I also felt hemmed in by the tribal nature of my parents’ notion of Jewishness, which divided the world into Jews and Gentiles. Their attitude may have been understandable given their experience growing up with anti-Semitism in Russia (pogroms, quota systems) but constricting nevertheless. They were living in New York in the early ’50s, and it was a time when no city offered Jews more. It gave them visibility as individuals and a group. It provided employment and education (though subtle discrimination still existed) and gave them freedom from blatant ant-Semitism that was still common In Europe. Most New York Jews fell in love with a city that seemed to be their own – a refuge and homeland.
However, like all attempts at generalization this one falls short of defining the complexity of Jewish lives in the city. For though I know my parents felt at home in New York, they didn’t embrace the city and its ethos with great feeling. They rarely spoke about the nature of the city, and their experience of all that it richly offered was very limited. It was their Jewishness that they cleaved to and defined their lives by. They continually maintained it as a fortress against any alien values and beliefs that could disrupt their lives.
Consequently, it was not only religion that I repudiated, but what I felt was my parents’ parochial version of being Jewish. I desired to move in a more cosmopolitan and bohemian, and less tribal, world. Ironically enough, it was the municipal and free City College, that island of Jewish working-class intellectual achievement, which opened up a wider world of intimate relationships with WASPs, blacks, and other ethnic groups. And after that experience it wasn’t difficult to leave the insulated world my parents inhabited. I left New York for graduate school in South-eastern Ohio, and my first experience of American life was an ambivalent one. My feeling of being at odds with dominant American values gained clarity in this college dominated by fraternities and sports. Still I found there a group of people at odds with the Midwestern university milieu and embraced, and was in turn embraced by them; writers, painters, sculptors, activists, intellectuals, even an idiosyncratic professor or two, white and black, who came from a variety of places and backgrounds. My world had expanded far beyond my life in New York.

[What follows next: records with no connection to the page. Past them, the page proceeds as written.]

(* Let $t\ge 4$, $r\ge 3$ and $0\le d\le r-1$ be integers. Then there exists a sufficiently small constant $c=c(t,r)>0$ such that $$C_r(n,S_r(d,t))\ge \min\left\{c\,n^{\frac{1}{2(r-d)+1}},\ c\,n^{\frac{1}{d+1}}\right\}.$$
   Context: An $r$-graph is an $r$-uniform hypergraph; $K_n^{(r)}$ is the complete $r$-graph on $n$ vertices. A copy of an $r$-graph $H$ in $K_n^{(r)}$ is a subhypergraph isomorphic to $H$. An $(n,r,H)$-local coloring with $k$ colors is a family of edge-colorings $f_v:E(K_n^{(r)})\to[k]$, one per vertex $v$, such that for every copy $T$ of $H$ there is $u\in V(T)$ with $f_u$ injective on $E(T)$. $C_r(n,H)$ is the minimum such $k$. A sunflower $S_r(d,m)$ is an $r$-graph with $m$ edges $e_1,\dots,e_m$ such that $e_i\cap e_j=D$ for all distinct $i,j$, where $D$ is a fixed set of $d$ vertices (the core). *)

From mathcomp Require Import all_boot.
From Stdlib Require Import ClassicalDescription.

Unset Printing Implicit Defensive.

(* Vertices of K_n^(r) are 'I_n; edges are the r-subsets of 'I_n. *)
Definition rsets (n r : nat) : {set {set 'I_n}} := [set e : {set 'I_n} | #|e| == r].

(* A family E of edges forms a sunflower S_r(d,m): it has m edges and there is a
   core D of d vertices with e :&: e' = D for all distinct e, e' in E.
   (Edge size r is enforced by E \subset rsets n r below.) *)
Definition is_sunflower (T : finType) (d m : nat) (E : {set {set T}}) : Prop :=
  #|E| = m /\
  exists D : {set T}, #|D| = d /\
    forall e e', e \in E -> e' \in E -> e != e' -> e :&: e' = D.

Definition sunflower_copy (n r d m : nat) (E : {set {set 'I_n}}) : Prop :=
  E \subset rsets n r /\ is_sunflower _ d m E.

Definition vert (n : nat) (E : {set {set 'I_n}}) : {set 'I_n} :=
  \bigcup_(e in E) e.

(* An (n, r, S_r(d,m))-local coloring with k colors: one edge-coloring
   f v : E(K_n^(r)) -> [k] per vertex v (colors 0..k-1; values off the r-sets
   are irrelevant), such that every copy T has a vertex u in V(T) with f u
   injective on E(T). *)
Definition local_coloring (n r d m k : nat) (f : 'I_n -> {set 'I_n} -> nat) : Prop :=
  (forall v e, e \in rsets n r -> f v e < k) /\
  forall E, sunflower_copy n r d m E ->
    exists2 u, u \in vert n E & {in E &, injective (f u)}.

Definition has_local_coloring (n r d m k : nat) : Prop :=
  exists f, local_coloring n r d m k f.

Definition has_local_coloringb (n r d m : nat) : pred nat :=
  fun k => if excluded_middle_informative (has_local_coloring n r d m k)
           then true else false.

(* C_r(n, S_r(d,m)) = the minimum k admitting a local coloring
   (set to 0 by convention if no such k exists; this never happens in the
   range of the theorem). *)
Definition C_sun (n r d m : nat) : nat :=
  match excluded_middle_informative (exists k, has_local_coloringb n r d m k) with
  | left H => ex_minn H
  | right _ => 0
  end.

From Stdlib Require Import ClassicalDescription.
From mathcomp Require Import all_boot zify.

(* Suppose k colours suffice and fix a core D of d vertices.  Pack the
   complement of D with disjoint (r-d)-petals and, pigeonholing over the
   colourings of the d core vertices, keep 2k+2 petals on which every core
   vertex is monochromatic.  An outside vertex misses all but at most one of
   them, so it gives two of them the same colour; averaging over pairs yields
   petals b1 <> b2 and at least (n-d)/(4(k+1)) outside vertices colouring
   D+b1 and D+b2 alike.  Pack those vertices with petals and, pigeonholing
   over the at most 2(r-d) vertices of b1 and b2, keep t-2 petals on which
   each of them is monochromatic.  With b1 and b2 they form a copy of
   S_r(d,t) in which every vertex repeats a colour, which is impossible.
   Hence n is O(k^(d+1) + k^(2(r-d)+1)), and taking roots gives the bound. *)

Set Implicit Arguments.
Unset Strict Implicit.

Lemma card_incidences (V I : finType) (U : {set V}) (P : {set I}) (R : V -> I -> bool) :
  \sum_(u in U) #|[set i in P | R u i]| = \sum_(i in P) #|[set u in U | R u i]|.
Proof.
have card_sep (J : finType) (A : {set J}) (Q : pred J) :
    #|[set x in A | Q x]| = \sum_(x in A) Q x.
  rewrite -sum1_card big_mkcond [RHS]big_mkcond; apply: eq_bigr => x _.
  by rewrite inE; case: (x \in A); case: (Q x).
under eq_bigr do rewrite card_sep.
by rewrite exchange_big; apply: eq_bigr => i _; rewrite card_sep.
Qed.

But given my background, I didn’t become deracinated and deny my Jewish past or the culture that shaped me. I may be totally secular and play little or no role in Jewish organizations, but I continue being acutely conscious of the often painful and sometimes luminous history that has shaped me. I read novelists like Oz, Yehoshua and Grossman, follow Israeli politics by reading Haaretz online, have done a number interviews with Israeli film directors, and have written essays on Holocaust films and about writers like Philip and Henry Roth, and Saul Bellow. That may be only a small part of my writing, but it’s no accident that I still feel deeply about Israel and Jewishness.
However, I continue to be critical towards Israeli policies on the West Bank and Gaza, and repelled by the racism and power of the ultra-Orthodox under the somewhat amoral, cynical Netanyahu—whose commitment to holding and wielding power is seemingly his main reason for being. In addition, I have never treated the Jewish artists I have written about by suspending critical standards. They were writers who happened to be Jewish, not Jewish writers who I needed to exult. Finally, my identity as Jew is just one of a number of identities, professional, familial, intellectual, and political among them, and it has never taken precedence over the others. But nevertheless it remains an indelible one.